90-9-317. Seed capital project loan agreement -- specific loan requirements -- payback. (1) In addition to the loan requirements of 90-9-316, a seed capital project loan must be structured as contracted debt, including but not limited to the following terms:
(a) an interest rate set at a level that provides for a return to the council, from paybacks by all of its portfolio companies, an amount at least equal to the principal amount of the loan and that provides for a market rate of return when considering the overall benefit to the state derived from the projects;
(b) a provision in the note that may defer debt service until maturity of the note, the term of which may not exceed 8 years;
(c) a loan amount that may not exceed $50,000 in any one round of financing.
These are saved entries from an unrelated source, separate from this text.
(* Let $V=\{(y,x)\in M:\max_{1\le i\le d}e^{-\lambda_iy/2}|x_i|\le1\}$. There exists a constant $C_V>0$ such that $$HB_{\xi_-}(-C_V)\subset V\cap\{y\le0\}\subset HB_{\xi_-}(C_V).$$ In particular the set $\mathcal{H}=\partial(V\cap\{y\le0\})$ lies in the region between the horospheres $H_{\xi_-}(-C_V)$ and $H_{\xi_-}(C_V)$.
   Context: Let $d\ge1$, $0<\lambda_1\le\cdots\le\lambda_d$, and $M$ be $\mathbb{R}^{d+1}$ with coordinates $(y,x)$ and metric $g=dy^2+\sum_{i=1}^d e^{-2\lambda_i y}dx_i^2$. The boundary at infinity is $\partial M=\{\xi_+\}\cup\mathbb{R}^d$, where $\xi_+$ is the common limit as $t\to+\infty$ of the vertical geodesics $t\mapsto(t,x)$ and $x\in\mathbb{R}^d$ is the limit of $t\mapsto(t,x)$ as $t\to-\infty$; $\xi_-$ denotes the point $0\in\mathbb{R}^d\subset\partial M$. With $o=(0,0)$ and $\alpha$ the unit-speed geodesic ray from $o$ to $\xi$, $b_\xi(p)=\lim_{s\to\infty}(\mathrm{dist}(\alpha(s),p)-s)$; $H_\xi(t)=\{b_\xi=t\}$ and $HB_\xi(t)=\{b_\xi\le t\}$. *)

From Stdlib Require Import Reals Lra.
From Coquelicot Require Import Coquelicot.
Open Scope R_scope.

(* A point of M = R^{d+1} is a pair (y, x); x : nat -> R, and only the
   coordinates x 0, ..., x (d-1) are relevant (the others are ignored by
   every definition below). *)
Definition point := (R * (nat -> R))%type.

(* Riemannian speed of a curve (gy, gx) at time t for the metric
   g = dy^2 + sum_{i<d} e^{-2 lam_i y} dx_i^2. *)
Definition speed (d : nat) (lam : nat -> R) (gy : R -> R) (gx : nat -> R -> R)
  (t : R) : R :=
  sqrt ((Derive gy t) ^ 2 +
        sum_n (fun i => exp (-2 * lam i * gy t) * (Derive (gx i) t) ^ 2) (d - 1)).

Definition C1_curve (d : nat) (gy : R -> R) (gx : nat -> R -> R) : Prop :=
  (forall t, ex_derive gy t /\ continuous (Derive gy) t) /\
  (forall i, (i < d)%nat -> forall t, ex_derive (gx i) t /\ continuous (Derive (gx i)) t).

Definition curve_length (d : nat) (lam : nat -> R) (gy : R -> R) (gx : nat -> R -> R) : R :=
  RInt (speed d lam gy gx) 0 1.

Definition rdist (d : nat) (lam : nat -> R) (p q : point) : Rbar :=
  Glb_Rbar (fun L => exists (gy : R -> R) (gx : nat -> R -> R),
     C1_curve d gy gx /\
     gy 0 = fst p /\ (forall i, (i < d)%nat -> gx i 0 = snd p i) /\
     gy 1 = fst q /\ (forall i, (i < d)%nat -> gx i 1 = snd q i) /\
     L = curve_length d lam gy gx).

(* o = (0,0); the unit-speed geodesic ray from o to xi_- = 0 in R^d is
   s |-> (-s, 0).  Busemann function of xi_-:
   b(p) = lim_{s -> +oo} (dist(alpha(s), p) - s). *)
Definition origin_ray (s : R) : point := (- s, fun _ => 0).

Definition busemann_xi_minus (d : nat) (lam : nat -> R) (p : point) : Rbar :=
  Lim (fun s => real (rdist d lam (origin_ray s) p) - s) p_infty.

Definition horoball_xi_minus (d : nat) (lam : nat -> R) (t : R) (p : point) : Prop :=
  Rbar_le (busemann_xi_minus d lam p) t.

Definition Vset (d : nat) (lam : nat -> R) (p : point) : Prop :=
  forall i, (i < d)%nat -> exp (- lam i * fst p / 2) * Rabs (snd p i) <= 1.

Definition Vneg (d : nat) (lam : nat -> R) (p : point) : Prop :=
  Vset d lam p /\ fst p <= 0.

(* Topological boundary in the Euclidean topology of R^{d+1}
   (sup-norm balls on the relevant coordinates). *)
Definition near_set (d : nat) (S : point -> Prop) (p : point) : Prop :=
  forall eps, 0 < eps -> exists q, S q /\ Rabs (fst q - fst p) < eps /\
    (forall i, (i < d)%nat -> Rabs (snd q i - snd p i) < eps).

Definition boundary (d : nat) (S : point -> Prop) (p : point) : Prop :=
  near_set d S p /\ near_set d (fun q => ~ S q) p.

(* A curve from (-s, 0) to (y, x) has length L >= s + y, so b_{xi_-}(y, x) >= y.  Moving in
   the x_i direction is cheap only high up: |x_i| is at most the integral of
   e^{lam_i y(t)} |gamma'(t)|, and the height at arclength l is at most
   min (-s + l, y + L - l); comparing with the derivative of an arctangent bounds that
   integral by (2 pi / lam_i) e^{lam_i (L - s + y) / 2}.  Hence a point that is wide in some
   x_i direction, |x_i| > e^{lam_i (y - 1) / 2} / 2, has b >= -(1 + 32 / lam_i^2).
   Conversely, if y <= 1 and |x_i| <= 2 e^{lam_i (y + 1) / 2} for all i, climbing to height
   (y + 1) / 2, moving horizontally there and descending to y costs at most s + 2 + 4 d, so
   b <= 2 + 4 d.  Points of V /\ {y <= 0} are narrow, points outside it are wide or have
   y > 0, and a boundary point is close to points of both kinds. *)

From Stdlib Require Import Reals Lra Lia Classical.
From Coquelicot Require Import Coquelicot.
Open Scope R_scope.

Lemma continuous_Rplus (f g : R -> R) x :
  continuous f x -> continuous g x -> continuous (fun t => f t + g t) x.
Proof. exact (continuous_plus f g x). Qed.

Lemma continuous_Rmult (f g : R -> R) x :
  continuous f x -> continuous g x -> continuous (fun t => f t * g t) x.
Proof. exact (continuous_mult f g x). Qed.

Lemma continuous_Rminus (f g : R -> R) x :
  continuous f x -> continuous g x -> continuous (fun t => f t - g t) x.
Proof. exact (continuous_minus f g x). Qed.

Lemma continuous_Rconst (c x : R) : continuous (fun _ : R => c) x.
Proof. exact (continuous_const c x). Qed.

Lemma continuous_Rid (x : R) : continuous (fun t : R => t) x.
Proof. exact (continuous_id x). Qed.

Lemma continuous_Rpow (f : R -> R) n x : continuous f x -> continuous (fun t => f t ^ n) x.
Proof.
  intros Hf. induction n as [|n IH]; cbn.
  - apply continuous_Rconst.
  - apply continuous_Rmult; assumption.
Qed.

Create HintDb rcont.
#[export] Hint Resolve continuous_Rplus continuous_Rmult continuous_Rminus continuous_Rconst
  continuous_Rid continuous_Rpow continuous_Rabs_comp continuous_exp_comp : rcont.

Lemma ex_derive_Rcontinuous (f : R -> R) t : ex_derive f t -> continuous f t.
Proof. apply (ex_derive_continuous (K := R_AbsRing) (V := R_NormedModule)). Qed.

Lemma ex_RInt_Rcontinuous (f : R -> R) a b : (forall t, continuous f t) -> ex_RInt f a b.
Proof. intros Hf. apply (ex_RInt_continuous (V := R_CompleteNormedModule)); intros; apply Hf. Qed.

Lemma is_derive_RInt_Rcontinuous (f : R -> R) a t :
  (forall t, continuous f t) -> is_derive (fun t => RInt f a t) t (f t).
Proof.
  intros Hf. apply (is_derive_RInt f _ a t); [|apply Hf].
  apply filter_forall; intros b. apply (RInt_correct (V := R_CompleteNormedModule)).
  apply ex_RInt_Rcontinuous, Hf.
Qed.

Lemma C1_of_is_derive (f f' : R -> R) t :
  (forall t, is_derive f t (f' t)) -> (forall t, continuous f' t) ->
  ex_derive f t /\ continuous (Derive f) t.
Proof.
  intros Hf Hc. split; [eexists; apply Hf|].
  apply (continuous_ext f'); [|apply Hc].
  intros; symmetry; apply is_derive_unique, Hf.
Qed.

Lemma exp_le_exp_compat a b : a <= b -> exp a <= exp b.
Proof. intros [H| ->]; [left; apply exp_increasing|]; lra. Qed.

Lemma exp_Ropp_mul_exp a : exp (- a) * exp a = 1.
Proof. rewrite <- exp_plus, Rplus_opp_l. apply exp_0. Qed.

Lemma sqrt_sum_sq_le a c S :
  0 <= c -> 0 <= S -> sqrt (a ^ 2 + c ^ 2 * S) <= Rabs a + c * sqrt S.
Proof.
  intros Hc HS. pose proof (Rabs_pos a). pose proof (sqrt_pos S).
  rewrite <- (sqrt_pow2 (Rabs a + c * sqrt S)) by nra.
  apply sqrt_le_1_alt. rewrite <- (pow2_abs a).
  pose proof (pow2_sqrt S HS).
  pose proof (Rmult_le_pos _ _ (Rabs_pos a) (Rmult_le_pos _ _ Hc (sqrt_pos S))).
  nra.
Qed.

Lemma sum_n_nonneg (F : nat -> R) n : (forall i, 0 <= F i) -> 0 <= sum_n F n.
Proof. intros HF. rewrite sum_n_Reals. apply cond_pos_sum, HF. Qed.

Lemma sum_n_exp_sq_nonneg (a b : nat -> R) n : 0 <= sum_n (fun i => exp (a i) * b i ^ 2) n.
Proof.
  apply sum_n_nonneg. intros i. apply Rmult_le_pos; [left; apply exp_pos | apply pow2_ge_0].
Qed.

Lemma sum_n_Rmult_l c (F : nat -> R) n : sum_n (fun i => c * F i) n = c * sum_n F n.
Proof. exact (sum_n_mult_l c F n). Qed.

Lemma sum_n_ge_term (F : nat -> R) n i :
  (forall j, 0 <= F j) -> (i <= n)%nat -> F i <= sum_n F n.
Proof.
  intros HF Hi. induction n as [|n IH].
  - replace i with 0%nat by lia. rewrite sum_O. lra.
  - rewrite sum_Sn. change (plus (sum_n F n) (F (S n))) with (sum_n F n + F (S n)).
    destruct (Nat.eq_dec i (S n)) as [-> | Hne].
    + pose proof (sum_n_nonneg F n HF). lra.
    + pose proof (HF (S n)). assert (F i <= sum_n F n) by (apply IH; lia). lra.
Qed.

Lemma continuous_sum_n (F : nat -> R -> R) n t :
  (forall i, (i <= n)%nat -> continuous (F i) t) ->
  continuous (fun t => sum_n (fun i => F i t) n) t.
Proof.
  induction n as [|n IH]; intros HF.
  - apply (continuous_ext (F 0%nat)); [intros; rewrite sum_O; auto | apply HF; lia].
  - apply (continuous_ext (fun t => sum_n (fun i => F i t) n + F (S n) t)).
    + intros; rewrite sum_Sn; auto.
    + apply continuous_Rplus; [apply IH; intros|]; apply HF; lia.
Qed.

Lemma ex_pos_le_all (n : nat) (f : nat -> R) :
  (forall i, (i < n)%nat -> 0 < f i) ->
  exists eps, 0 < eps /\ forall i, (i < n)%nat -> eps <= f i.
Proof.
  induction n as [|n IH]; intros Hf.
  - exists 1. split; [lra | intros; lia].
  - destruct IH as (eps & Heps & Hle); [intros; apply Hf; lia|].
    exists (Rmin eps (f n)). split; [apply Rmin_glb_lt; auto|].
    intros i Hi. destruct (Nat.eq_dec i n) as [-> | Hne]; [apply Rmin_r|].
    eapply Rle_trans; [apply Rmin_l | apply Hle; lia].
Qed.

(* [clamp01 w = min 1 (max 0 w)]; on [0,1], [bump] is the derivative of [3 w^2 - 2 w^3],
   so [smoothstep] is a C^1 step from 0 (on [u <= 0]) to 1 (on [u >= 1]). *)
Definition clamp01 (w : R) : R := (Rabs w - Rabs (w - 1) + 1) / 2.
Definition bump (w : R) : R := 6 * clamp01 w * (1 - clamp01 w).
Definition smoothstep (u : R) : R := RInt bump 0 u.

Lemma bump_continuous w : continuous bump w.
Proof. unfold bump, clamp01, Rdiv. auto 10 with rcont. Qed.

Lemma continuous_bump_comp (f : R -> R) t : continuous f t -> continuous (fun t => bump (f t)) t.
Proof. intros Hf. apply (continuous_comp f bump); [exact Hf | apply bump_continuous]. Qed.
#[export] Hint Resolve continuous_bump_comp : rcont.

Lemma bump_outside w : w <= 0 \/ 1 <= w -> bump w = 0.
Proof.
  unfold bump, clamp01; intros [H|H].
  - rewrite (Rabs_left1 w), (Rabs_left1 (w - 1)) by lra. lra.
  - rewrite (Rabs_pos_eq w), (Rabs_pos_eq (w - 1)) by lra. lra.
Qed.

Lemma bump_inside w : 0 <= w <= 1 -> bump w = 6 * w * (1 - w).
Proof.
  intros H. unfold bump, clamp01.
  rewrite (Rabs_pos_eq w), (Rabs_left1 (w - 1)) by lra. field.
Qed.

Lemma bump_nonneg w : 0 <= bump w.
Proof.
  destruct (Rle_lt_dec w 0); [rewrite bump_outside; lra|].
  destruct (Rle_lt_dec 1 w); [rewrite bump_outside; lra|].
  rewrite bump_inside by lra. apply Rmult_le_pos; lra.
Qed.

Lemma bump_neq0 w : bump w <> 0 -> 0 < w < 1.
Proof.
  intros H. split; apply Rnot_le_lt; intros ?; apply H, bump_outside; lra.
Qed.

Lemma is_derive_smoothstep u : is_derive smoothstep u (bump u).
Proof. apply is_derive_RInt_Rcontinuous, bump_continuous. Qed.

Lemma Derive_smoothstep u : Derive smoothstep u = bump u.
Proof. apply is_derive_unique, is_derive_smoothstep. Qed.

Lemma ex_derive_smoothstep u : ex_derive smoothstep u.
Proof. eexists; apply is_derive_smoothstep. Qed.

Lemma smoothstep_nonpos u : u <= 0 -> smoothstep u = 0.
Proof.
  intros Hu. unfold smoothstep.
  rewrite (RInt_ext bump (fun _ => 0)), RInt_const.
  - apply Rmult_0_r.
  - intros w. rewrite Rmax_left by lra. intros. apply bump_outside. lra.
Qed.

Lemma smoothstep_1 : smoothstep 1 = 1.
Proof.
  unfold smoothstep.
  rewrite (RInt_ext bump (fun w => 6 * w * (1 - w))).
  2:{ intros w. rewrite Rmin_left, Rmax_right by lra. intros. apply bump_inside. lra. }
  rewrite (is_RInt_unique _ 0 1 (minus (3 * 1 ^ 2 - 2 * 1 ^ 3) (3 * 0 ^ 2 - 2 * 0 ^ 3))).
  - cbn. unfold minus, plus, opp; cbn. ring.
  - apply (is_RInt_derive (fun w => 3 * w ^ 2 - 2 * w ^ 3)).
    + intros. auto_derive; [easy | ring].
    + intros. auto 10 with rcont.
Qed.

Lemma smoothstep_ge1 u : 1 <= u -> smoothstep u = 1.
Proof.
  intros Hu. unfold smoothstep.
  rewrite <- (RInt_Chasles bump 0 1 u) by apply ex_RInt_Rcontinuous, bump_continuous.
  fold (smoothstep 1). rewrite smoothstep_1.
  rewrite (RInt_ext bump (fun _ => 0)), RInt_const.
  - cbn. unfold plus, scal, mult; cbn. ring.
  - intros w. rewrite Rmin_left by lra. intros. apply bump_outside. lra.
Qed.

Lemma RInt_le_atan_range (f h h' : R -> R) (K a b : R) :
  a <= b -> 0 <= K ->
  (forall t, is_derive h t (h' t)) -> (forall t, continuous h' t) ->
  (forall t, continuous f t) ->
  (forall t, a <= t <= b -> f t <= K * (h' t / (1 + h t ^ 2))) ->
  RInt f a b <= K * PI.
Proof.
  intros Hab HK Hh Hh' Hf Hbound.
  set (g t := K * (h' t / (1 + h t ^ 2))).
  assert (Hden : forall t, 1 + h t ^ 2 <> 0) by (intros t; pose proof (pow2_ge_0 (h t)); lra).
  assert (Hg : forall t, continuous g t).
  { intros t. unfold g, Rdiv. apply continuous_Rmult; [auto 10 with rcont|].
    apply continuous_Rmult; [auto|]. apply continuous_Rinv_comp; [|apply Hden].
    apply continuous_Rplus; [auto 10 with rcont|]. apply continuous_Rpow.
    apply ex_derive_Rcontinuous. eexists; apply Hh. }
  assert (Hatan : is_RInt g a b (minus (K * atan (h b)) (K * atan (h a)))).
  { apply (is_RInt_derive (fun t => K * atan (h t))); [intros t _|intros; apply Hg].
    auto_derive; [eexists; apply Hh|].
    erewrite is_derive_unique; [|apply Hh].
    unfold g. pose proof (Hden t). cbn in *. field. lra. }
  apply Rle_trans with (RInt g a b).
  - apply RInt_le; auto using ex_RInt_Rcontinuous. intros; apply Hbound; lra.
  - rewrite (is_RInt_unique _ _ _ _ Hatan). unfold minus, plus, opp; cbn.
    pose proof (atan_bound (h a)); pose proof (atan_bound (h b)). nra.
Qed.

Lemma atan_weight_bound (A F E c u w l : R) :
  0 < A -> 0 < c -> 0 < u -> 0 <= w -> 0 < l ->
  c * c * E = F -> A <= F * u -> A * u <= E ->
  A * w <= 2 * F / (c * l) * (c * (l * w * u) / (1 + (c * u) ^ 2)).
Proof.
  intros HA Hc Hu Hw Hl HcE HAF HAE.
  assert (Hden : 0 < 1 + (c * u) ^ 2) by (pose proof (pow2_ge_0 (c * u)); lra).
  replace (2 * F / (c * l) * (c * (l * w * u) / (1 + (c * u) ^ 2)))
    with (w * (2 * F * u / (1 + (c * u) ^ 2))) by (field; lra).
  rewrite (Rmult_comm A). apply Rmult_le_compat_l; [assumption|].
  apply Rmult_le_reg_r with (1 + (c * u) ^ 2); [assumption|].
  unfold Rdiv. rewrite Rmult_assoc, Rinv_l, Rmult_1_r by lra.
  (* A c^2 u^2 = (A u) (c^2 u) <= E c^2 u = F u *)
  assert (A * u * (c * c * u) <= E * (c * c * u)) by (apply Rmult_le_compat_r; [nra | lra]).
  nra.
Qed.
Successive rounds of financing in which the council participates for any one company may not occur within a 9-month period. The total amount that may be loaned to any one company may not exceed $150,000.
(d) a provision that the note becomes due in full upon dissolution or liquidation of the company;
(e) a provision that the company will provide the council with a second priority security interest in all of the equipment used in the company's business, accounts receivable, and inventory to secure repayment of the loan;
(f) a provision that the priority security interest in the company's assets referred to in subsection (1)(e) will be evidenced by appropriate forms required to secure the assets as provided in Title 30, chapter 9.
(2) In addition to the provisions in 90-9-316 and subsection (1) of this section, a seed capital project loan agreement may provide for any of the following:
(a) a convertible debenture;
(b) a warrant held by the council; or
(c) a warrant held by a third party for the benefit of the council.
History: En. Sec. 7, Ch. 284, L. 1989.